Spider-Man: Homecoming (Watts; 2017)

Spider-Man: Homecoming is called such because it is the first Spider-Man film since Marvel originally sold the rights to the character and those surrounding him to Sony way way back at the turn of the millenium.  Since then Sam Raimi has made three movies featuring the character being played by Toby Maguire, one of them actually really good, and Andrew Garfield took on the role twice, and was meant to play him a third time, but Sony realized they didn’t really know what they were doing.  So, while Sony did not give the rights to Spider-Man back to Marvel, they did turn to Marvel for help, and the result is an agreement in which Sony retains the rights to produce and distribute the Spider-Man solo films, but Marvel gets to include him in their cinematic universe, Sony gets to include the Marvel Universe in their films,  and Marvel oversees the writing on the solo films so that the character and the world he is in are done justice.  Spider-Man has left his bubble created by Sony and has come home to the world he began in.

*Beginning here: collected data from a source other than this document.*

Lemma sum_setpermmx T (D : {set {set T}}) (A1 A2 : {set gT})
    (l r : gT -> {set T} -> {set T}) (c : gT -> gT -> algC) :
  (forall x X, x \in A1 -> X \in D -> l x X \in D) ->
  \sum_(x in A1) \sum_(y in A2) c x y *: (setpermmx D (l x) *m setpermmx D (r y)) =
  setmx D D (fun X Z => \sum_(x in A1) \sum_(y in A2) c x y * (r y (l x X) == Z)%:R).
Proof.
move=> lD; rewrite -sum_setmx; apply: eq_bigr => x xA1; rewrite -sum_setmx.
by apply: eq_bigr => y _; rewrite setpermmx_mul ?scale_setmx // => X; apply: lD.
Qed.

Variables (A H : {group gT}) (psi : gT -> algC).
Hypothesis sHA : H \subset A.

Lemma sum_regular_eq0 g g' : g \in A -> g' \in A -> \sum_(y in H) psi y = 0 ->
  \sum_(x in A) \sum_(y in H) psi y * (x * g * y == g')%g%:R = 0.
Proof.
move=> gA g'A sum_psi0; rewrite exchange_big /= -[RHS]sum_psi0; apply: eq_bigr => y yH.
rewrite -mulr_sumr (bigD1 (g' * (g * y)^-1)%g) /=; last first.
  by rewrite groupM ?groupV ?groupM // (subsetP sHA).
rewrite -(mulgA _ g y) mulgKV eqxx big1 ?addr0 ?mulr1 // => x /andP[_ neq_x].
by case: eqP => // exg; rewrite -exg -(mulgA x) mulgK eqxx in neq_x.
Qed.

Lemma sum_fixed_neq0 (R : gT -> gT -> bool) :
  R 1%g 1%g -> (forall x y, x \in A -> y \in H -> R x y -> psi y = 1) ->
  \sum_(x in A) \sum_(y in H) psi y * (R x y)%:R != 0.
Proof.
move=> R11 psiR.
have psiRE x y : x \in A -> y \in H -> psi y * (R x y)%:R = (R x y)%:R.
  by move=> xA yH; case: (boolP (R x y)) => [/(psiR x y xA yH)->|_]; rewrite ?mul1r ?mulr0.
under eq_bigr => x xA do under eq_bigr => y yH do rewrite psiRE //.
under eq_bigr => x xA do rewrite -natr_sum.
rewrite -natr_sum pnatr_eq0 -lt0n (bigD1 1%g) ?group1 //= (bigD1 1%g) ?group1 //= R11.
by rewrite addnC addnS.
Qed.

End NotSummand.

Section ShallowDepth.
Local Open Scope ring_scope.
Variables (gT : finGroupType) (G H : {group gT}) (psi : gT -> algC) (g0 : gT).
Hypotheses (sHG : H \subset G) (g0G : g0 \in G) (sum_psi0 : \sum_(y in H) psi y = 0).
Hypothesis psi_stab : forall x y, x \in H -> y \in H -> (x * g0 * y)%g = g0 -> psi y = 1.

Lemma tensLE (A : {group gT}) m x :
  tensL A H m x = setpermmx (tens_basis A H m) (lact_set x).
Proof. by []. Qed.

Lemma tensRE (A : {group gT}) m y :
  tensR A H m y = setpermmx (tens_basis A H m) (ract_set y).
Proof. by []. Qed.

Lemma regular_annihilated (A : {group gT}) : H \subset A ->
  \sum_(x in A) \sum_(y in H) psi y *: (tensL A H 1 x *m tensR A H 1 y) = 0.
Proof.
move=> sHA; under eq_bigr => x _ do under eq_bigr => y _ do rewrite tensLE tensRE.
rewrite sum_setpermmx => [|x X xA]; last exact: lact_set_basis.
apply: setmx_eq0 => _ _ /tens_basis1P[g gA ->] /tens_basis1P[g' g'A ->].
under eq_bigr => x _ do under eq_bigr => y _ do rewrite act_set_tuple1 eq_set_tuple1.
exact: sum_regular_eq0.
Qed.

Lemma not_has_depth1 : ~ has_depth G H 1.
Proof.
apply: (@no_bimod_summand _ _ _ _ _ _ _ _ _ (fun _ y => psi y)).
  exact: regular_annihilated.
under eq_bigr => x _ do under eq_bigr => y _ do rewrite tensLE tensRE.
rewrite sum_setpermmx => [|x X xH]; last by apply: lact_set_basis; apply: (subsetP sHG).
apply: (@setmx_neq0 _ _ _ [set [tuple g0]]); first by apply/tens_basis1P; exists g0.
under eq_bigr => x _ do under eq_bigr => y _ do rewrite act_set_tuple1 eq_set_tuple1.
apply: sum_fixed_neq0 => [|x y xH yH /eqP]; [by rewrite mulg1 mul1g | exact: psi_stab].
Qed.

Lemma not_has_depth2 : ~ has_depth G H 2.
Proof.
apply: (@no_bimod_summand _ _ _ _ _ _ _ _ _ (fun _ y => psi y)).
  exact: regular_annihilated.
under eq_bigr => x _ do under eq_bigr => y _ do rewrite tensLE tensRE.
rewrite sum_setpermmx => [|x X xG]; last exact: lact_set_basis.
apply: (@setmx_neq0 _ _ _ (tens_class H [tuple 1%g; g0])); first exact: tens_basis2.
under eq_bigr => x _ do under eq_bigr => y _ do rewrite act_set_tuple2 tens_class2_eq tens_rel2.
apply: sum_fixed_neq0 => [|x y _ yH /exists_inP[h hH /andP[_ /eqP g0y]]].
  by apply/exists_inP; exists 1%g; rewrite ?mulg1 ?invg1 ?mul1g ?eqxx.
by apply: (psi_stab (x := h^-1)%g); rewrite ?groupV // -mulgA -g0y.
Qed.

End ShallowDepth.

(** * Depth three over an elementary abelian 2-group *)

Section Pairing.
Local Open Scope ring_scope.

Lemma sum_eq0_flip (I : finType) (P : pred I) (f : I -> algC) (h : I -> I) :
  injective h -> (forall i, P (h i) = P i) -> (forall i, P i -> f (h i) = - f i) ->
  \sum_(i | P i) f i = 0.
Proof.
move=> h_inj Ph fh; set S := \sum_(i | P i) f i.
have SN : S = - S.
  rewrite {1}/S (reindex_inj h_inj) /= /S -sumrN.
  by apply: eq_big => [i|i Pi]; rewrite ?Ph // fh // -Ph.
have : S *+ 2 == 0 by rewrite mulr2n {1}SN addNr.
by rewrite mulrn_eq0 => /eqP.
Qed.

Variables (gT : finGroupType) (H : {group gT}) (beta : gT -> gT -> bool).
Hypothesis betaMl : forall a a' x, a \in H -> a' \in H -> x \in H ->
  beta (a * a')%g x = beta a x (+) beta a' x.
Hypothesis betaMr : forall a x x', a \in H -> x \in H -> x' \in H ->
  beta a (x * x')%g = beta a x (+) beta a x'.
Hypothesis beta_nondeg : forall x x', x \in H -> x' \in H -> x != x' ->
  exists2 a, a \in H & beta a x != beta a x'.

Lemma pairing_invg x : x \in H -> x^-1%g = x.
Proof.
move=> xH; apply/eqP; rewrite eq_invg_mul; apply: contraT.
move=> /(beta_nondeg (groupM xH xH) (group1 H)).
case=> a aH; have a11 : beta a 1%g = false.
  by apply/negbTE; rewrite -[in beta a 1%g](mulg1 1%g) betaMr ?group1 // addbb.
by rewrite betaMr // addbb a11.
Qed.

Lemma sum_sign_pairing x x' : x \in H -> x' \in H ->
  \sum_(a in H) ((-1) ^+ beta a x * (-1) ^+ beta a x' : algC) = #|H|%:R * (x == x')%:R.
Proof.
move=> xH x'H; have [<-|neq_x] := eqVneq x x'.
  by rewrite mulr1 -sumr_const; apply: eq_bigr => a _; rewrite -expr2 sqrr_sign.
rewrite mulr0; have [a0 a0H ne_a0] := beta_nondeg xH x'H neq_x.
apply: (sum_eq0_flip (h := mulg a0)) => [|a|a aH]; first exact: mulgI.
  by rewrite /= groupMl.
rewrite /= !betaMl // !signr_addb mulrACA -signr_addb.
by case: (beta a0 x) (beta a0 x') ne_a0 => -[] //= _; rewrite expr1 expr0 ?mulr1 ?mul1r mulN1r.
Qed.

Lemma sum_sign_pairing_eq0 a y0 : a \in H -> y0 \in H -> beta a y0 ->
  \sum_(y in H) ((-1) ^+ beta a y : algC) = 0.
Proof.
move=> aH y0H ay0; apply: (sum_eq0_flip (h := mulg y0)) => [|y|y yH]; first exact: mulgI.
  by rewrite /= groupMl.
by rewrite /= betaMr // ay0 signr_addb expr1 mulN1r.
Qed.

Local Notation HxH := (setX H H).

Definition pair_char (a w : gT * gT) : algC := (-1) ^+ beta a.1 w.1 * (-1) ^+ beta a.2 w.2.

Lemma pair_char_real a w : pair_char a w \is Num.real.
Proof. by rewrite rpredM ?rpredX ?rpredN ?rpred1. Qed.

Lemma sum_setX (F : gT * gT -> algC) :
  \sum_(w in HxH) F w = \sum_(x in H) \sum_(y in H) F (x, y).
Proof.
rewrite (pair_big_dep (mem H) (fun _ => mem H) (fun x y => F (x, y))) /=.
by apply: eq_big => [[x y]|[]]; rewrite ?in_setX.
Qed.

Lemma pair_char_orthogonal w w' : w \in HxH -> w' \in HxH ->
  \sum_(a in HxH) pair_char a w * pair_char a w' = (#|H| ^ 2)%:R * (w == w')%:R.
Proof.
case: w w' => [x y] [x' y'] /setXP[xH yH] /setXP[x'H y'H]; rewrite sum_setX.
under eq_bigr => a1 _ do under eq_bigr => a2 _ do rewrite /pair_char /= mulrACA.
rewrite -big_distrlr /= !sum_sign_pairing // xpair_eqE.
by case: (x == x'); case: (y == y'); rewrite /= ?mulr1 ?mulr0 ?mul0r ?natrX ?expr2.
Qed.

Section Isotypic.
Variables (T : finType) (B : {set {set T}}) (l r : gT -> {set T} -> {set T}).
Hypothesis lrB : perm_biaction H B l r.

Definition biact (w : gT * gT) (X : {set T}) := r w.2 (l w.1 X).

Lemma biact_eq_l x X Y : (l x X == Y) = (X == l x^-1%g Y).
Proof.
by apply/eqP/eqP => [<-|->]; rewrite (biact_lM lrB) ?mulVg ?mulgV (biact_l1 lrB).
Qed.

Lemma biact_eq_r y X Y : (r y X == Y) = (X == r y^-1%g Y).
Proof.
by apply/eqP/eqP => [<-|->]; rewrite (biact_rM lrB) ?mulVg ?mulgV (biact_r1 lrB).
Qed.

Lemma sum_biact_eq1 w X : w \in HxH -> X \in B -> \sum_(b in B) (biact w b == X)%:R = 1 :> algC.
Proof.
case: w => [w1 w2] /setXP[w1H w2H] XB.
under eq_bigr => b _ do rewrite /biact biact_eq_r biact_eq_l -[_%:R]mul1r.
by rewrite sum_delta_r // (biact_lB lrB) ?(biact_rB lrB) ?groupV.
Qed.

(* |H|^2 times the coefficient of X in the projection of b to the isotypic
   component of the character a of H x H. *)
Definition iso_coef (a : gT * gT) (b X : {set T}) : algC :=
  \sum_(w in HxH) pair_char a w * (biact w b == X)%:R.

Lemma iso_coef_l a b X x : a \in HxH -> x \in H ->
  iso_coef a b (l x X) = (-1) ^+ beta a.1 x * iso_coef a b X.
Proof.
case: a => [a1 a2] /setXP[a1H a2H] xH; rewrite /iso_coef mulr_sumr.
rewrite (reindex_inj (h := fun w => ((x * w.1)%g, w.2))); last first.
  by move=> [u v] [u' v'] /= [/mulgI-> ->].
apply: eq_big => [[u v]|[u v] /setXP[/= uH vH]]; first by rewrite !in_setX /= groupMl.
have e : (l x (r v (l u b)) == l x X) = (r v (l u b) == X).
  by rewrite biact_eq_l (biact_lM lrB) mulVg (biact_l1 lrB).
rewrite /pair_char /biact /= -(biact_lM lrB) -(biact_lr lrB) e.
have {}uH : u \in H by rewrite -(groupMl _ xH).
by rewrite betaMr // signr_addb !mulrA.
Qed.

Lemma iso_coef_r a b X y : a \in HxH -> y \in H ->
  iso_coef a b (r y X) = (-1) ^+ beta a.2 y * iso_coef a b X.
Proof.
case: a => [a1 a2] /setXP[a1H a2H] yH; rewrite /iso_coef mulr_sumr.
rewrite (reindex_inj (h := fun w => (w.1, (w.2 * y)%g))); last first.
  by move=> [u v] [u' v'] /= [-> /mulIg->].
apply: eq_big => [[u v]|[u v] /setXP[/= uH vH]]; first by rewrite !in_setX /= groupMr.
have e : (r y (r v (l u b)) == r y X) = (r v (l u b) == X).
  by rewrite biact_eq_r (biact_rM lrB) mulgV (biact_r1 lrB).
have {}vH : v \in H by rewrite -(groupMr _ yH).
rewrite /pair_char /biact /= -(biact_rM lrB) e betaMr // signr_addb.
by rewrite !mulrA; congr (_ * _); rewrite mulrC mulrA.
Qed.

Lemma iso_coef_real a b X : iso_coef a b X \is Num.real.
Proof. by rewrite rpred_sum // => w _; rewrite rpredM ?pair_char_real ?realn. Qed.

End Isotypic.

Section Summand.
Variables (TP TQ : finType) (BP : {set {set TP}}) (BQ : {set {set TQ}}).
Variables (lP rP : gT -> {set TP} -> {set TP}) (lQ rQ : gT -> {set TQ} -> {set TQ}).
Hypotheses (PB : perm_biaction H BP lP rP) (QB : perm_biaction H BQ lQ rQ).
Hypothesis chars_in_Q : forall a, a \in HxH ->
  exists2 Y, Y \in BQ & forall w, w \in HxH -> biact lQ rQ w Y = Y -> pair_char a w = 1.

Let dQ a : {set TQ} :=
  odflt set0 [pick Y in BQ | [forall w in HxH, (biact lQ rQ w Y == Y) ==> (pair_char a w == 1)]].

Lemma dQP a : a \in HxH ->
  dQ a \in BQ /\ forall w, w \in HxH -> biact lQ rQ w (dQ a) = dQ a -> pair_char a w = 1.
Proof.
move=> aHH; rewrite /dQ; case: pickP => [Y /andP[YB /forall_inP stab] | none] /=.
  by split=> // w wHH wY; apply/eqP; move/implyP: (stab w wHH); apply; apply/eqP.
have [Y YB stab] := chars_in_Q aHH; move/(_ Y): none; rewrite YB /=.
by move/negbT/forall_inPn => -[w wHH]; rewrite negb_imply => /andP[/eqP/stab-> //]; rewrite eqxx.
Qed.

Let pP a b X := iso_coef lP rP a b X.
Let qQ a Y := iso_coef lQ rQ a (dQ a) Y.
Let normQ a := \sum_(Y in BQ) qQ a Y * qQ a Y.
Let K : algC := (#|H| ^ 4)%:R.

Lemma K_neq0 : K != 0.
Proof. by rewrite pnatr_eq0 -lt0n expn_gt0 cardG_gt0. Qed.

Lemma qQ_self_neq0 a : a \in HxH -> qQ a (dQ a) != 0.
Proof.
move=> aHH; have [_ stab] := dQP aHH.
have -> : qQ a (dQ a) = \sum_(w in HxH) ((biact lQ rQ w (dQ a) == dQ a)%:R : algC).
  by apply: eq_bigr => w wHH; case: eqP => [/(stab w wHH)->|_]; rewrite ?mul1r ?mulr0.
rewrite -natr_sum pnatr_eq0 -lt0n (bigD1 (1, 1)%g) ?inE ?group1 //=.
by rewrite /biact /= (biact_l1 QB) (biact_r1 QB) eqxx.
Qed.

Lemma normQ_neq0 a : a \in HxH -> normQ a != 0.
Proof.
move=> aHH; apply/eqP => nQ0.
have sqr_ge0 Y : Y \in BQ -> 0 <= qQ a Y * qQ a Y.
  by move=> _; rewrite -expr2 -real_normK ?iso_coef_real // exprn_ge0 ?normr_ge0.
have /eqP := psumr_eq0P sqr_ge0 nQ0 (dQP aHH).1.
by rewrite mulf_eq0 orbb (negbTE (qQ_self_neq0 aHH)).
Qed.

We got to see a bit more than a glimpse of Marvel’s take on Spider-Man last year in Captain America: Civil War. and regardless of what you thought of the film as a whole, though it was well received, you were looked at really funny if you didn’t agree that Tom Holland was a fantastic choice as the actor to portray the wall-crawler, and that the writing of the character was spot on.  Now we get to see how Tom Holland does when he has to take the spotlight for more than twenty minutes, and when given the chance to anchor an entire story surrounding him, Tom Holland shines even more brightly.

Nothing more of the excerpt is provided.